• Problem details: Tell me how many lines in the entries below contain the word "ffunP"; reply with the number and nothing else.

• Dataset records:
Lemma splice_strictly_between u v (i j : 'I_n) : wle u v ->
  u i != v i -> u j != v j -> val i < val j ->
  wlt u (splice u v j) && wlt (splice u v j) v.
Proof.
move=> uv neq_i neq_j lt_ij; rewrite /wlt wle_splicel // wle_splicer //=.
apply/andP; split; apply/negP=> /eqP/ffunP.
  by move=> /(_ i); rewrite ffunE lt_ij => /eqP; rewrite (negPf neq_i).
by move=> /(_ j); rewrite ffunE ltnn => /eqP; rewrite (negPf neq_j).
Qed.

Lemma covers_one_letter u v : covers u v ->
  exists i, letter u i < letter v i /\ forall j, j != i -> u j = v j.
Proof.
case/and4P=> tu tv /[dup] uv /wltW le_uv /existsPn no_between.
have [i lt_i] := wlt_letter uv; exists i; split=> [//|j neq_ji].
have neq_i := letter_lt_neq lt_i.
apply/eqP; apply: contraNT neq_ji => neq_j; rewrite -val_eqE.
case: ltngtP => // lt.
  by move: (no_between (splice u v i));
    rewrite (splice_triword i tu tv le_uv) (splice_strictly_between le_uv neq_j neq_i lt).
by move: (no_between (splice u v j));
  rewrite (splice_triword j tu tv le_uv) (splice_strictly_between le_uv neq_i neq_j lt).
Qed.

Lemma lam_one_letter x v i : x i != v i -> (forall j, j != i -> x j = v j) ->
  lam x v = (Posz (val i).+1, Posz (letter x i)).
Proof.
move=> neq_i eq_off; rewrite /lam; case: pickP => [j neq_j|/(_ i)]; last by rewrite neq_i.
by have /eqP-> : j == i by apply: contraR neq_j => /eq_off->.
Qed.

Lemma covers_lam u v : covers u v -> exists i, [/\ letter u i < letter v i,
  forall j, j != i -> u j = v j & lam u v = (Posz (val i).+1, Posz (letter u i))].
Proof.
case/covers_one_letter=> i [lt_i eq_off]; exists i; split=> //.
by apply: lam_one_letter eq_off; apply: letter_lt_neq.
Qed.

Lemma covers_wlt u v : covers u v -> wlt u v.
Proof. by case/and4P. Qed.

Lemma covers_triword u v : covers u v -> is_triword v.
Proof. by case/and4P. Qed.

Lemma covers_wle_eq x v w : covers x v -> covers x w -> wle v w -> v = w.
Proof.
move=> xv /and4P[_ _ _ /existsPn /(_ v) not_between] vw.
apply: contraNeq not_between => neq_vw.
by rewrite (covers_triword xv) (covers_wlt xv) /wlt vw neq_vw.
Qed.

Lemma covers_lam_fst_inj x v w :
  covers x v -> covers x w -> (lam x v).1 = (lam x w).1 -> v = w.
Proof.
move=> xv xw; have [i [_ xv_off ->]] := covers_lam xv.
have [k [_ xw_off ->]] := covers_lam xw; case=> /val_inj ik; subst k.
have vw_off j : j != i -> letter v j = letter w j.
  by move=> ji; rewrite /letter -xv_off // xw_off.
have [vw|/ltnW wv] := leqP (letter v i) (letter w i).
  apply: covers_wle_eq xv xw _; apply/wleP=> j.
  by case: (eqVneq j i) => [->|/vw_off->]; [exact: vw | exact: leqnn].
symmetry; apply: covers_wle_eq xw xv _; apply/wleP=> j.
by case: (eqVneq j i) => [->|/vw_off->]; [exact: wv | exact: leqnn].
Qed.

Lemma chain_wle x s : path (@covers n) x s -> wle x (last x s).
Proof.
elim: s x => [|v s IH] x /=; first by move=> _; apply: wle_refl.
by case/andP=> /covers_wlt/wltW xv /IH; apply: wle_trans.
Qed.

Lemma chain_last_eq_nil x s : path (@covers n) x s -> last x s = x -> s = [::].
Proof.
case: s => [//|v s] /= /andP[/covers_wlt/andP[xv neq_xv] /chain_wle vlast] eq_last.
by move: neq_xv; rewrite (wle_anti xv) ?eqxx // -eq_last.
Qed.

Lemma chain_change_labelled x s (j : 'I_n) : path (@covers n) x s ->
  x j != last x s j -> has (fun l => l.1 == Posz (val j).+1) (labels x s).
Proof.
elim: s x => [|v s IH] x /=; first by rewrite eqxx.
case/andP=> xv /IH vs neq_j; have [i [_ xv_off ->]] := covers_lam xv.
case: (eqVneq j i) => [->|ji]; first by rewrite eqxx.
by rewrite vs ?orbT // -xv_off.
Qed.

Lemma cover_change_persists x w t i : covers x w -> path (@covers n) w t ->
  x i != w i -> x i != last w t i.
Proof. by move=> /covers_wlt/wltW xw /chain_wle; apply: wle_neq_trans. Qed.

Section SortedChains.
Variables (r : rel (int * int)) (cmp : rel int).
Hypotheses (r_trans : transitive r) (cmp_refl : reflexive cmp)
  (r_cmp : forall a b, r a b -> cmp a.1 b.1).

(* The letter changed by [w] is also changed by the chain [v :: s], so it is
   the position of one of its labels, all of which follow [lam x v] in [r]. *)
Lemma sorted_chain_head_cmp x v s w t : path (@covers n) x (v :: s) ->
  sorted r (labels x (v :: s)) -> covers x w -> path (@covers n) w t ->
  last w t = last v s -> cmp (lam x v).1 (lam x w).1.
Proof.
move=> xs sorted_s xw wt same_end.
have [i [lt_i _ ->]] := covers_lam xw.
have neq_i : x i != last x (v :: s) i.
  by rewrite /= -same_end; apply: cover_change_persists xw wt (letter_lt_neq lt_i).
have /hasP[l l_in /eqP <-] := chain_change_labelled xs neq_i.
rewrite /=; move: l_in; rewrite inE => /predU1P[->//|l_in].
by apply: r_cmp; move: sorted_s => /(order_path_min r_trans)/allP/(_ l l_in).
Qed.

Lemma sorted_chain_unique x s t : antisymmetric cmp ->
  path (@covers n) x s -> sorted r (labels x s) ->
  path (@covers n) x t -> sorted r (labels x t) -> last x s = last x t -> s = t.
Proof.
move=> cmp_anti; elim: s x t => [|v s IH] x [|w t] //.
- by move=> _ _ xt _ /esym /(chain_last_eq_nil xt).
- by move=> xs _ _ _ /(chain_last_eq_nil xs).
move=> xs sorted_s xt sorted_t /= same_end.
have /andP[xv vs] := xs; have /andP[xw wt] := xt.
have eq_vw : v = w.
  apply: (covers_lam_fst_inj xv xw); apply: cmp_anti.
  by rewrite (sorted_chain_head_cmp xs sorted_s xw wt (esym same_end))
             (sorted_chain_head_cmp xt sorted_t xv vs same_end).
subst w; congr (_ :: _).
exact: IH vs (path_sorted sorted_s) wt (path_sorted sorted_t) same_end.
Qed.

End SortedChains.

Lemma increasing_chain_lexmin x s t :
  path (@covers n) x s -> sorted ltZ2 (labels x s) ->
  path (@covers n) x t -> last x t = last x s -> lexle (labels x s) (labels x t).
Proof.
elim: t x s => [|w t IH] x [|v s] //.
  by move=> xs _ _ /esym /(chain_last_eq_nil xs).
move=> xs sorted_s xt same_end; have /andP[xv vs] := xs; have /andP[xw wt] := xt.
have := sorted_chain_head_cmp ltZ2_trans (@lexx _ _) ltZ2_fst xs sorted_s xw wt same_end.
rewrite le_eqVlt => /orP[/eqP eq_fst|lt_fst]; last by rewrite /= /ltZ2 lt_fst.
have eq_vw := covers_lam_fst_inj xv xw eq_fst; subst w.
by rewrite /= eqxx (IH v s vs (path_sorted sorted_s) wt same_end) orbT.
Qed.

Definition weight u := \sum_i letter u i.

Lemma weight_wle u v : wle u v -> weight u <= weight v.
Proof. by move=> /wleP uv; apply: leq_sum => i _. Qed.

Lemma weight_wlt u v : wlt u v -> weight u < weight v.
Proof.
move=> uv; have [i lt_i] := wlt_letter uv; move/wltW/wleP: uv => uv.
rewrite /weight (bigD1 i) //= [X in _ < X](bigD1 i) //= -addSn.
by apply: leq_add => //; apply: leq_sum => j _.
Qed.

Lemma exists_cover_below x w : is_triword x -> is_triword w -> wlt x w ->
  exists2 v, covers x v & wle v w.
Proof.
move=> tx tw xw; pose P z := [&& is_triword z, wlt x z & wle z w].
have Pw : P w by rewrite /P tw xw wle_refl.
case: (arg_minnP weight Pw) => v /and3P[tv xv vw] v_min; exists v => //.
rewrite /covers tx tv xv /=; apply/existsP=> -[z /and3P[tz xz zv]].
have := v_min z; rewrite /P tz xz (wle_trans (wltW zv) vw) => /(_ isT).
by rewrite leqNgt weight_wlt.
Qed.

Lemma cover_at_first_difference x y (i : 'I_n) :
  is_triword x -> is_triword y -> wle x y -> x i != y i ->
  (forall j : 'I_n, val j < val i -> x j = y j) ->
  exists v, [/\ covers x v, wle v y, letter x i < letter v i &
              forall j, j != i -> x j = v j].
Proof.
move=> tx ty xy neq_i eq_before; pose w := splice x y (val i).+1.
have xw : wlt x w.
  rewrite /wlt wle_splicel //=; apply: contraNneq neq_i => /ffunP/(_ i) ->.
  by rewrite /w ffunE ltnSn eqxx.
have w_off j : j != i -> x j = w j.
  rewrite /w ffunE -val_eqE neq_ltn => /orP[lt_ji|lt_ij].
    by rewrite ltnS (ltnW lt_ji) eq_before.
  by rewrite ltnNge lt_ij.
have [v xv vw] := exists_cover_below tx (splice_triword _ tx ty xy) xw.
have [k [lt_k v_off _]] := covers_lam xv.
have ki : k = i.
  apply/eqP; apply: contraLR lt_k => /w_off x_k; rewrite -leqNgt /letter x_k.
  exact: (wleP _ _ vw).
subst k; exists v; split; [exact: xv | | exact: lt_k | exact: v_off].
exact: wle_trans vw (wle_splicer _ xy).
Qed.
Lemma OPT1_ge0 i : 0 <= OPT1 pos a i.
Proof.
apply: lb_le_inf; first by exists (\sum_(x | a x == i) sqdist (pos x) 0), 0.
by move=> _ [c _ <-]; apply: sumr_ge0 => x _; apply: sqdist_ge0.
Qed.

Lemma le_OPT1 i (L K : R) : 0 <= K ->
  (forall z, L <= K * \sum_(x | a x == i) sqdist (pos x) z) ->
  L <= K * OPT1 pos a i.
Proof.
rewrite le0r => /orP [/eqP-> /(_ 0)|K0 LK]; first by rewrite !mul0r.
rewrite -ler_pdivrMl //; apply: lb_le_inf.
  by exists (\sum_(x | a x == i) sqdist (pos x) 0), 0.
by move=> _ [z _ <-]; rewrite ler_pdivrMl.
Qed.

Definition Hterm (h : seq T) (i : 'I_k) : R :=
  if has (fun c => a c == i) h
  then clcost pos a i (map pos (take (find (fun c => a c == i) h).+1 h))
  else 5 * OPT1 pos a i.

Lemma HtildeE h : Htilde pos a h = \sum_i Hterm h i.
Proof. by []. Qed.

Lemma Hterm_rcons_covered h x i :
  has (fun c => a c == i) h -> Hterm (rcons h x) i = Hterm h i.
Proof.
move=> hi; rewrite /Hterm has_rcons hi orbT -cats1 find_cat hi takel_cat //.
by rewrite -has_find.
Qed.

Lemma Hterm_rcons_uncovered h x i : ~~ has (fun c => a c == i) h ->
  Hterm (rcons h x) i =
  if a x == i then clcost pos a i (map pos (rcons h x)) else 5 * OPT1 pos a i.
Proof.
move=> /negbTE hi; rewrite /Hterm has_rcons hi orbF; case: ifP => // xi.
by rewrite -cats1 find_cat hi /= xi addn0 take_oversize // size_cat addn1.
Qed.

(* The current cost of [x] given the history [h]: the weight of [x] in the
   D^2 sampling of the next center. *)
Definition dcost (h : seq T) (x : T) : R := costv (pos x) (map pos h).

Lemma dcost_ge0 h x : 0 <= dcost h x.
Proof. exact: costv_ge0. Qed.

(* For an
   uncovered [P_i] this is [cluster_sampling_bound], optimized over [z]. *)
Lemma Hterm_D2_step h i : h != [::] ->
  \sum_x dcost h x * Hterm (rcons h x) i <= \sum_x dcost h x * Hterm h i.
Proof.
move=> h0; have C0 : map pos h != [::] by case: (h) h0.
have [hi|/negbTE hi] := boolP (has (fun c => a c == i) h).
  by apply: ler_sum => x _; rewrite Hterm_rcons_covered.
rewrite (bigID (fun x => a x == i)) [leRHS](bigID (fun x => a x == i)) /=.
apply: lerD; last first.
  apply: ler_sum => x /negbTE xi.
  by rewrite Hterm_rcons_uncovered ?hi // xi /Hterm hi.
rewrite -mulr_suml [Hterm h i]/Hterm hi mulrCA mulrA; apply: le_OPT1.
  by rewrite mulr_ge0 // sumr_ge0 // => x _; apply: dcost_ge0.
move=> z; rewrite !sum_cluster.
have tri x y : dcost h x <= 2 * dcost h y + 2 * sqdist (pos x) (pos y).
  exact: costv_tri.
apply: le_trans (cluster_sampling_bound (cluster i) z (dcost_ge0 h) tri).
apply: ler_sum => c ci; rewrite Hterm_rcons_uncovered ?hi //.
move: ci; rewrite inE => ->; rewrite /clcost sum_cluster map_rcons.
by under eq_bigr => x _ do rewrite costv_rcons //.
Qed.

Lemma Htilde_D2_step h : h != [::] ->
  \sum_x dcost h x * Htilde pos a (rcons h x)
  <= (\sum_x dcost h x) * Htilde pos a h.
Proof.
move=> h0; rewrite mulr_suml.
under eq_bigr => x _ do rewrite HtildeE mulr_sumr.
under [leRHS]eq_bigr => x _ do rewrite HtildeE mulr_sumr.
by rewrite exchange_big [leRHS]exchange_big; apply: ler_sum => i _; apply: Hterm_D2_step.
Qed.

(* A point of cost zero is already a center: the data points are distinct. *)
Lemma dcost_eq0_mem h x : injective pos -> h != [::] -> dcost h x = 0 -> x \in h.
Proof.
move=> posI h0; have C0 : map pos h != [::] by case: (h) h0.
rewrite /dcost; have [_ /mapP [y yh ->] ->] := costv_att (pos x) C0.
by move=> /sqdist_eq0 /posI ->.
Qed.

Lemma Htilde_rcons_mem h x : x \in h -> Htilde pos a (rcons h x) = Htilde pos a h.
Proof.
move=> xh; rewrite !HtildeE; apply: eq_bigr => i _.
have [hi|hi] := boolP (has (fun c => a c == i) h); first exact: Hterm_rcons_covered.
rewrite Hterm_rcons_uncovered //; case: ifPn => [xi|_]; last by rewrite /Hterm (negbTE hi).
by move: hi => /hasPn /(_ x xh); rewrite xi.
Qed.

(* The k-means++ step from a nonempty history: [Htilde] is a
   supermartingale.  When every point has cost zero the (uniform) step only
   repeats existing centers and [Htilde] is unchanged. *)
Lemma Htilde_step h : injective pos -> h != [::] ->
  \sum_x step pos h x * Htilde pos a (rcons h x) <= Htilde pos a h.
Proof.
move=> posI h0; rewrite /step -/(dcost h _).
have -> : Xcost pos (map pos h) = \sum_x dcost h x by [].
have [Phi0|Phi_le0] := ltP 0 (\sum_x dcost h x).
  under eq_bigr => x _ do rewrite mulrAC.
  by rewrite -mulr_suml ler_pdivrMr // mulrC Htilde_D2_step.
have Phi0 : \sum_x dcost h x = 0.
  by apply/eqP; rewrite eq_le Phi_le0 sumr_ge0 // => y _; apply: dcost_ge0.
have dcost0 x : dcost h x = 0.
  by apply: (psumr_eq0P _ Phi0) => // y _; apply: dcost_ge0.
under eq_bigr => x _ do rewrite Htilde_rcons_mem ?(dcost_eq0_mem posI h0 (dcost0 x)) //.
have T0 : #|T|%:R != 0 :> R.
  by case: (h) h0 => // y ? _; rewrite pnatr_eq0 -lt0n; apply/card_gt0P; exists y.
by rewrite -mulr_suml sumr_const -[_^-1 *+ _]mulr_natr mulVf ?mul1r.
Qed.

(* The first, uniformly sampled center, cluster by cluster: choosing a
   uniform point of [P_i] as its center costs on average at most twice
   [OPT1 i] (the kernel bound with unit weights), and less than [5 OPT1 i]. *)
Lemma Hterm_first_step i : \sum_x Hterm [:: x] i <= #|T|%:R * Hterm [::] i.
Proof.
have first x : Hterm [:: x] i =
    if a x == i then clcost pos a i [:: pos x] else 5 * OPT1 pos a i.
  exact: (Hterm_rcons_uncovered (h := [::])).
have -> : #|T|%:R * Hterm [::] i = \sum_(x : T) 5 * OPT1 pos a i.
  by rewrite sumr_const mulr_natl.
rewrite (bigID (fun x => a x == i)) [leRHS](bigID (fun x => a x == i)) /=.
apply: lerD; last by apply: ler_sum => x /negbTE xi; rewrite first xi.
rewrite -mulr_suml; apply: le_OPT1 => [|z]; first exact: sumr_ge0.
under eq_bigr => x xi do rewrite first xi /clcost /= sum_cluster.
rewrite !sum_cluster sumr_const -mulr_natr.
have S0 : 0 <= #|cluster i|%:R * \sum_(x in cluster i) sqdist (pos x) z.
  by rewrite mulr_ge0 // sumr_ge0 // => x _; apply: sqdist_ge0.
have := pairwise_sqdist_bound (cluster i) pos z; lra.
Qed.

Definition next_prob (h : seq T) (x : T) : R :=
  if h is [::] then #|T|%:R^-1 else step pos h x.

Lemma next_prob_ge0 h x : 0 <= next_prob h x.
Proof.
rewrite /next_prob /step; case: h => [|y h]; first by rewrite invr_ge0.
by case: ifP => [/ltW/(divr_ge0 (costv_ge0 _ _))|_]; rewrite ?invr_ge0.
Qed.

Lemma hprob_aux_cons p x r :
  hprob_aux pos p (x :: r) = next_prob p x * hprob_aux pos (rcons p x) r.
Proof. by []. Qed.

Lemma hprob_aux_ge0 p h : 0 <= hprob_aux pos p h.
Proof.
by elim: h p => [|x h IH] p; rewrite ?hprob_aux_cons ?mulr_ge0 ?next_prob_ge0.
Qed.

Lemma Htilde_supermartingale h : injective pos ->
  \sum_x next_prob h x * Htilde pos a (rcons h x) <= Htilde pos a h.
Proof.
case: h => [_|y h posI]; last exact: Htilde_step.
rewrite /next_prob -mulr_sumr.
have [T0|T0] := posnP #|T|.
  by rewrite T0 invr0 mul0r sumr_ge0 // => i _; rewrite mulr_ge0 ?OPT1_ge0.
rewrite ler_pdivrMl ?ltr0n //; under eq_bigr => x _ do rewrite HtildeE.
by rewrite exchange_big HtildeE mulr_sumr; apply: ler_sum => i _; apply: Hterm_first_step.
Qed.

Lemma expected_Htilde t p : injective pos ->
  \sum_(h : t.-tuple T) hprob_aux pos p h * Htilde pos a (p ++ h)
  <= Htilde pos a p.
Proof.
move=> posI; elim: t p => [|t IH] p.
  by rewrite big_tuple0 /= cats0 mul1r.
rewrite big_tuple_cons; apply: le_trans (Htilde_supermartingale p posI).
apply: ler_sum => x _.
apply: le_trans (ler_wpM2l (next_prob_ge0 p x) (IH (rcons p x))).
by rewrite mulr_sumr; apply: ler_sum => h _; rewrite hprob_aux_cons -cat_rcons mulrA.
Qed.

Lemma Htilde_nil : Htilde pos a [::] = 5 * \sum_i OPT1 pos a i.
Proof. by rewrite HtildeE mulr_sumr. Qed.

(* [Htilde] dominates the cost of the covered clusters: a cluster's cost
   only decreases after it is first covered. *)
Lemma covered_cost_le_Htilde h :
  \sum_(i < k) (if has (fun c => a c == i) h then clcost pos a i (map pos h) else 0)
  <= Htilde pos a h.
Proof.
rewrite HtildeE; apply: ler_sum => i _; rewrite /Hterm.
case: ifP => hi; last by rewrite mulr_ge0 ?OPT1_ge0.
apply: ler_sum => x _; set n := (find _ h).+1.
rewrite -{1}(cat_take_drop n h) map_cat costv_catl //.
by case: (h) hi.
Qed.

Lemma sum_OPT1_le (c : 'I_k -> 'rV[R]_d) :
  (forall x, sqdist (pos x) (c (a x)) = costv (pos x) (map c (enum 'I_k))) ->
  \sum_i OPT1 pos a i <= Xcost pos (map c (enum 'I_k)).
Proof.
move=> closest; rewrite /Xcost (partition_big a predT) //=.
apply: ler_sum => i _; apply: le_trans (OPT1_le i (c i)) _.
by apply: ler_sum => x /eqP xi; rewrite -closest xi.
Qed.

End KMeansPP.

Unset Implicit Arguments. Set Strict Implicit.

Theorem mainTheorem6 (R : realType) (d k : nat) (T : finType)
  (pos : T -> 'rV[R]_d) (cstar : 'I_k -> 'rV[R]_d) (a : T -> 'I_k) :
  injective pos ->
  injective cstar ->
  (forall x : T, sqdist (pos x) (cstar (a x)) = costv (pos x) (map cstar (enum 'I_k))) ->
  Xcost pos (map cstar (enum 'I_k)) = OPTk pos k ->
  (forall h : seq T, (1 <= size h)%N -> 0 < hprob pos h ->
     \sum_(x : T) step pos h x * Htilde pos a (rcons h x) <= Htilde pos a h)
  /\
  (forall t : nat,
     \sum_(h : t.-tuple T) hprob pos h *
        (\sum_(i < k) (if has (fun c => a c == i) h
                       then clcost pos a i (map pos h) else 0))
     <= 5 * OPTk pos k).
Proof.
move=> posI _ closest opt; split=> [h|t].
  by move=> h1 _; apply: Htilde_step => //; case: h h1.
have OPT1_le_OPTk : \sum_i OPT1 pos a i <= OPTk pos k.
  by rewrite -opt; apply: sum_OPT1_le.
apply: le_trans (ler_wpM2l _ OPT1_le_OPTk) => //; rewrite -Htilde_nil.
apply: le_trans (expected_Htilde a t [::] posI); apply: ler_sum => h _.
by apply: ler_wpM2l; [apply: hprob_aux_ge0 | apply: covered_cost_le_Htilde].
Qed.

• Expected answer: 2